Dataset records

* * * *

(* Let $S=K[x_1,\dots,x_n]$, let $I\subset S$ be an ideal generated by monomials of degree $\le d$, $R=S/I$, and let $c\ge1$ be an integer with $c\ge d-1$. Let $X$ be the set of residue classes in $R$ of the monomials of degree $c$ not in $I$ (a basis of $(R^{(c)})_1$) and $\mathcal F=\{(Y):Y\subseteq X\}$, a Koszul filtration of $R^{(c)}$. Then for every $u=0,\dots,c-1$ the Veronese module $V_u=\bigoplus_jR_{u+jc}$ has linear quotients with respect to $\mathcal F$ (in particular $V_u$ has a linear resolution over $R^{(c)}$).
   Context: $R^{(c)}=\bigoplus_jR_{jc}$ is standard graded with $R_{jc}$ in degree $j$, and $V_u$ is the graded $R^{(c)}$-module with degree-$j$ component $R_{u+jc}$. A Koszul filtration of a standard graded algebra $A$ is a set $\mathcal F$ of ideals such that: (i) each $I\in\mathcal F$ is generated in degree $1$; (ii) $0,\mathfrak m_A\in\mathcal F$; (iii) for every $I\in\mathcal F$, $I\ne0$, there is $J\in\mathcal F$ with $J\subset I$, $I/J$ cyclic and $J:I\in\mathcal F$. A module $M$ has linear quotients with respect to $\mathcal F$ if it is minimally generated by homogeneous $m_1,\dots,m_v$ with $\langle m_1,\dots,m_{i-1}\rangle:_Am_i\in\mathcal F$ for all $i$. A module generated in a single degree $e$ has a linear resolution if its regularity $\sup_i\{t_i^A(M)-i\}$ equals $e$, where $t_i^A(M)=\sup\{j:\operatorname{Tor}_i^A(M,K)_j\neq0\}$. *)

(* Concrete model of S = K[x_1..x_n]: polynomials are
   finitely supported functions from exponent vectors (monomials) to K,
   multiplied by convolution. R = S/I is handled via representatives in S
   modulo the monomial ideal I generated by a list G of monomials. *)
From HB Require Import structures.
From mathcomp Require Import all_boot all_order all_algebra.
Set Implicit Arguments. Unset Strict Implicit. Unset Printing Implicit Defensive.
Import Order.TTheory GRing.Theory.
Local Open Scope ring_scope.

Section Monomial.
Variables (K : fieldType) (n : nat).

Definition mon := {ffun 'I_n -> nat}.
Definition mdeg (m : mon) : nat := (\sum_(i < n) m i)%N.

Definition ser := mon -> K.
Definition is_poly (f : ser) : Prop :=
  exists N : nat, forall m : mon, (N < mdeg m)%N -> f m = 0.

Definition xmon (a : mon) : ser := fun m => (m == a)%:R.

(* product in S (convolution over the divisors of m) *)
Definition smul (f g : ser) : ser := fun m =>
  \sum_(a : {ffun 'I_n -> 'I_(mdeg m).+1} | [forall i, (a i <= m i)%N])
     f [ffun i => nat_of_ord (a i)] * g [ffun i => (m i - a i)%N].

Definition ssub (f g : ser) : ser := fun m => f m - g m.

Definition lincomb (r : nat -> ser) (gs : seq ser) : ser := fun m =>
  \sum_(k < size gs) smul (r k) (nth (fun _ => 0) gs k) m.

Definition in_mideal (G : seq mon) (f : ser) : Prop :=
  exists r : nat -> ser, (forall k, is_poly (r k)) /\ f =1 lincomb r (map xmon G).

(* f = g in R = S/I *)
Definition congI (G : seq mon) (f g : ser) : Prop := in_mideal G (ssub f g).

Definition homog (f : ser) (e : nat) : Prop := forall m, mdeg m <> e -> f m = 0.

(* representatives of elements of V_u = (+)_j R_{u+jc}; for u = 0 this is R^(c) *)
Definition in_veronese (c u : nat) (f : ser) : Prop :=
  is_poly f /\ forall m, (mdeg m %% c)%N <> u -> f m = 0.

(* f lies in the R^(c)-submodule (of R) generated by gs *)
Definition gen_sub (G : seq mon) (c : nat) (gs : seq ser) (f : ser) : Prop :=
  exists r : nat -> ser, (forall k, in_veronese c 0 (r k)) /\ congI G f (lincomb r gs).

(* colon ideal  <gs> :_{R^(c)} g  (as a predicate on representatives) *)
Definition colon (G : seq mon) (c : nat) (gs : seq ser) (g : ser) (r : ser) : Prop :=
  in_veronese c 0 r /\ gen_sub G c gs (smul r g).

(* the ideal (Y) of R^(c) generated by the residue classes of monomials in Y *)
Definition ideal_gen (G : seq mon) (c : nat) (Y : seq mon) (r : ser) : Prop :=
  in_veronese c 0 r /\ gen_sub G c (map xmon Y) r.

(* A (an ideal of R^(c)) belongs to F = {(Y) : Y subset of X}, where X is the
   set of classes of monomials of degree c not in I *)
Definition in_filtration (G : seq mon) (c : nat) (A : ser -> Prop) : Prop :=
  exists Y : seq mon,
    (forall y, y \in Y -> mdeg y = c /\ ~ in_mideal G (xmon y)) /\
    (forall r, in_veronese c 0 r -> (A r <-> ideal_gen G c Y r)).

(* gs is a minimal system of homogeneous generators of V_u over R^(c) *)
Definition min_gens (G : seq mon) (c u : nat) (gs : seq ser) : Prop :=
  [/\ forall k, (k < size gs)%N ->
        exists j : nat, is_poly (nth (fun _ => 0) gs k) /\
                        homog (nth (fun _ => 0) gs k) (u + j * c),
      forall f, in_veronese c u f -> gen_sub G c gs f &
      forall i, (i < size gs)%N ->
        ~ gen_sub G c (take i gs ++ drop i.+1 gs) (nth (fun _ => 0) gs i)].

Definition veronese_linear_quotients (G : seq mon) (c u : nat) : Prop :=
  exists gs : seq ser, min_gens G c u gs /\
    forall i, (i < size gs)%N ->
      in_filtration G c (colon G c (take i gs) (nth (fun _ => 0) gs i)).

End Monomial.

From HB Require Import structures.
From mathcomp Require Import all_boot all_order all_algebra zify.
Set Implicit Arguments. Unset Strict Implicit. Unset Printing Implicit Defensive.
Import GRing.Theory.
Local Open Scope ring_scope.

(* Everything is monomial, so the argument is combinatorics of exponent
   vectors.  After some arithmetic of the divisibility order on monomials,
   we characterise coefficientwise (1) membership in the monomial ideal I
   and (2) membership in the R^(c)-submodule generated by monomials: f lies
   in it iff every monomial m of the support of f outside I is divisible by
   a generator x with deg(m/x) divisible by c.
   V_u is then minimally generated by the monomials of degree u outside I,
   listed in any order x_1, x_2, ....  Writing J for the monomial ideal of S
   generated by I and x_1, ..., x_(i-1), the colon ideal (x_1..x_(i-1)) : x_i
   is generated by the degree-c monomials y outside I with y x_i in J.  The
   hypothesis c >= d - 1 is used exactly once: whenever a x_i lies in J, some
   divisor z of a of degree <= c already has z x_i in J, and z extends inside
   a to such a degree-c monomial y. *)

Section MonomialArithmetic.
Variable n : nat.
Implicit Types a b g h m x y z : mon n.

Definition mdvd a b : bool := [forall i, (a i <= b i)%N].
Definition mmul a b : mon n := [ffun i => (a i + b i)%N].
Definition mquo m b : mon n := [ffun i => (m i - b i)%N].
Definition mone : mon n := [ffun => 0%N].

Definition in_monideal (G : seq (mon n)) m : bool := has (mdvd^~ m) G.

Lemma mdvdP a b : reflect (forall i, (a i <= b i)%N) (mdvd a b).
Proof. exact: forallP. Qed.

Lemma mdvd_refl a : mdvd a a.
Proof. by apply/mdvdP. Qed.

Lemma mdvd_trans a b m : mdvd a b -> mdvd b m -> mdvd a m.
Proof. by move=> /mdvdP ab /mdvdP bm; apply/mdvdP => i; exact: leq_trans (ab i) (bm i). Qed.

Lemma mone_dvd a : mdvd mone a.
Proof. by apply/mdvdP => i; rewrite ffunE. Qed.

Lemma mquo_dvd m b : mdvd (mquo m b) m.
Proof. by apply/mdvdP => i; rewrite ffunE leq_subr. Qed.

Lemma mmul_dvdl a g : mdvd g (mmul a g).
Proof. by apply/mdvdP => i; rewrite ffunE leq_addl. Qed.

Lemma mmul_dvd2r a b g : mdvd a b -> mdvd (mmul a g) (mmul b g).
Proof. by move=> /mdvdP ab; apply/mdvdP => i; rewrite !ffunE leq_add2r. Qed.

Lemma mdvd_quo_mul a g h : mdvd (mquo h g) a = mdvd h (mmul a g).
Proof. by apply/mdvdP/mdvdP => H i; move: (H i); rewrite !ffunE leq_subLR addnC. Qed.

Lemma mdvd_mul_quo g m y : mdvd g m -> mdvd y (mquo m g) = mdvd (mmul y g) m.
Proof.
move=> /mdvdP gm; apply/mdvdP/mdvdP => H i; move: (H i) (gm i); rewrite !ffunE; lia.
Qed.

Lemma mquoK m b : mdvd b m -> mmul (mquo m b) b = m.
Proof. by move=> /mdvdP bm; apply/ffunP => i; rewrite !ffunE subnK. Qed.

Lemma mmulK a b : mquo (mmul a b) b = a.
Proof. by apply/ffunP => i; rewrite !ffunE addnK. Qed.

Lemma mdeg_coord m i : (m i <= mdeg m)%N.
Proof. by rewrite /mdeg (bigD1 i) //= leq_addr. Qed.

Lemma mdeg_mmul a b : mdeg (mmul a b) = (mdeg a + mdeg b)%N.
Proof. by rewrite /mdeg -big_split; apply: eq_bigr => i _; rewrite ffunE. Qed.

Lemma mdeg_mquo m b : mdvd b m -> mdeg (mquo m b) = (mdeg m - mdeg b)%N.
Proof. by move/mquoK/(congr1 (@mdeg n)); rewrite mdeg_mmul => <-; rewrite addnK. Qed.

Lemma mdeg_mone : mdeg mone = 0%N.
Proof. by rewrite /mdeg big1 // => i _; rewrite ffunE. Qed.

Lemma mdvd_mdeg a b : mdvd a b -> (mdeg a <= mdeg b)%N.
Proof. by move/mdvdP => ab; apply: leq_sum => i _. Qed.

Lemma mdeg_eq0 a : mdeg a = 0%N -> a = mone.
Proof.
by move=> a0; apply/ffunP => i; rewrite ffunE; apply/eqP; rewrite -leqn0 -a0 mdeg_coord.
Qed.

Lemma mdvd_mdeg_eq a b : mdvd a b -> mdeg a = mdeg b -> a = b.
Proof.
move=> ab eq_deg; have := mdeg_mquo ab; rewrite eq_deg subnn => /mdeg_eq0 /ffunP q0.
apply/ffunP => i; move/mdvdP: ab => /(_ i) ab; move: (q0 i); rewrite !ffunE => /eqP.
by rewrite subn_eq0 => ba; apply/eqP; rewrite eqn_leq ab ba.
Qed.

Lemma in_monideal_dvd G a b : mdvd a b -> in_monideal G a -> in_monideal G b.
Proof. by move=> ab /hasP [h hG ha]; apply/hasP; exists h => //; exact: mdvd_trans ab. Qed.

Definition mvar i : mon n := [ffun j => nat_of_bool (j == i)].

Lemma mdeg_mvar i : mdeg (mvar i) = 1%N.
Proof.
rewrite /mdeg (bigD1 i) //= ffunE eqxx big1 // => j /negbTE ji.
by rewrite ffunE ji.
Qed.

Lemma mdvd_intermediate k z a : mdvd z a -> (mdeg z + k <= mdeg a)%N ->
  exists y, [/\ mdvd z y, mdvd y a & mdeg y = (mdeg z + k)%N].
Proof.
elim: k z => [|k IH] z za hdeg; first by exists z; rewrite addn0 mdvd_refl.
have [i zi_lt] : exists i, (z i < a i)%N.
  have: ~~ mdvd a z by apply/negP => /mdvd_mdeg; lia.
  by case/forallPn => i; rewrite -ltnNge; exists i.
pose z' := mmul z (mvar i).
have z'a : mdvd z' a.
  apply/mdvdP => j; rewrite !ffunE; case: (eqVneq j i) => [->|_] /=.
    by rewrite addn1.
  by rewrite addn0; move/mdvdP: za.
have dz' : mdeg z' = (mdeg z + 1)%N by rewrite mdeg_mmul mdeg_mvar.
have [|y [z'y ya dy]] := IH z' z'a; first by rewrite dz'; lia.
exists y; split => //; last by rewrite dy dz'; lia.
apply: mdvd_trans z'y; apply/mdvdP => j; rewrite ffunE; exact: leq_addr.
Qed.

Definition monomials_of_degree e : seq (mon n) :=
  [seq y <- map (fun t : {ffun 'I_n -> 'I_e.+1} => [ffun i => nat_of_ord (t i)])
               (enum {ffun 'I_n -> 'I_e.+1}) | mdeg y == e].

Lemma mem_monomials_of_degree e y : (y \in monomials_of_degree e) = (mdeg y == e).
Proof.
rewrite mem_filter; case: eqP => //= dy.
have lt_e i : (y i < e.+1)%N by rewrite ltnS -dy mdeg_coord.
apply/mapP; exists [ffun i => Ordinal (lt_e i)]; first by rewrite mem_enum.
by apply/ffunP => i; rewrite !ffunE.
Qed.

End MonomialArithmetic.

Arguments mdvd {n} a b.

Section Coefficients.
Variables (K : fieldType) (n : nat).
Implicit Types (f : ser K n) (G M : seq (mon n)) (m : mon n).

Lemma smul_xmon f b m :
  smul f (xmon K b) m = if mdvd b m then f (mquo m b) else 0.
Proof.
rewrite /smul /xmon; case: ifP => bm; last first.
  rewrite big1 // => a /forallP ha; case: eqP => [E|]; last by rewrite mulr0.
  by move/negP: bm; case; apply/mdvdP => i; rewrite -E ffunE leq_subr.
have lt_deg i : (m i - b i < (mdeg m).+1)%N.
  by rewrite ltnS (leq_trans (leq_subr _ _) (mdeg_coord m i)).
pose a0 : {ffun 'I_n -> 'I_(mdeg m).+1} := [ffun i => Ordinal (lt_deg i)].
rewrite (bigD1 a0) /=; last by apply/forallP => i; rewrite ffunE /= leq_subr.
have -> : [ffun i => nat_of_ord (a0 i)] = mquo m b by apply/ffunP => i; rewrite !ffunE.
have -> : [ffun i => (m i - a0 i)%N] = b.
  by apply/ffunP => i; rewrite !ffunE /=; move/mdvdP: bm => /(_ i); lia.
rewrite eqxx mulr1 big1 ?addr0 // => a /andP [/forallP ha ne].
case: eqP => [/ffunP E|]; last by rewrite mulr0.
move/negP: ne; case; apply/eqP/ffunP => i; apply: val_inj.
by move: (E i) (ha i); rewrite !ffunE /=; lia.
Qed.

Lemma lincomb_xmon (r : nat -> ser K n) M m :
  lincomb r (map (@xmon K n) M) m =
  \sum_(k < size M) (if mdvd (nth (mone n) M k) m then r k (mquo m (nth (mone n) M k)) else 0).
Proof.
rewrite /lincomb size_map; apply: eq_bigr => k _.
by rewrite (nth_map (mone n)) // smul_xmon.
Qed.

Lemma sum_at_index (j N : nat) (x : K) :
  \sum_(k < N) (if j == k then x else 0) = if (j < N)%N then x else 0.
Proof.
under eq_bigr => k _ do rewrite eq_sym.
by rewrite -big_mkcond big_ord1_eq.
Qed.

Lemma in_mideal_support G f m : in_mideal G f -> f m != 0 -> in_monideal G m.
Proof.
move=> [r [_ ->]]; rewrite lincomb_xmon; apply: contraR => notI.
apply/eqP/big1 => k _; case: ifP => // hk; case/negP: notI.
by apply/hasP; exists (nth (mone n) G k) => //; exact: mem_nth.
Qed.

Lemma support_in_mideal G f :
  is_poly f -> (forall m, f m != 0 -> in_monideal G m) -> in_mideal G f.
Proof.
move=> [N HN] supp.
(* each monomial m of the support is attributed to its first divisor in G *)
pose r k a : K :=
  if find (mdvd^~ (mmul a (nth (mone n) G k))) G == k then f (mmul a (nth (mone n) G k)) else 0.
exists r; split.
  move=> k; exists N => a ha; rewrite /r; case: ifP => // _; apply: HN.
  by rewrite mdeg_mmul (leq_trans ha (leq_addr _ _)).
move=> m; rewrite lincomb_xmon.
under eq_bigr => k _.
  have -> : (if mdvd (nth (mone n) G k) m then r k (mquo m (nth (mone n) G k)) else 0)
          = if find (mdvd^~ m) G == k then f m else 0.
    rewrite /r; case: ifP => hk; first by rewrite mquoK.
    case: eqP => // E; have hs : has (mdvd^~ m) G by rewrite has_find E.
    by have := nth_find (mone n) hs; rewrite E hk.
  over.
rewrite sum_at_index -has_find; case: ifP => // notI.
by apply: contraFeq notI; exact: supp.
Qed.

* * * *

Problem requirements: Wherever "eqxx" turns up in the records, copy the whole line.

Task response:
rewrite /mdeg (bigD1 i) //= ffunE eqxx big1 // => j /negbTE ji.
rewrite eqxx mulr1 big1 ?addr0 // => a /andP [/forallP ha ne].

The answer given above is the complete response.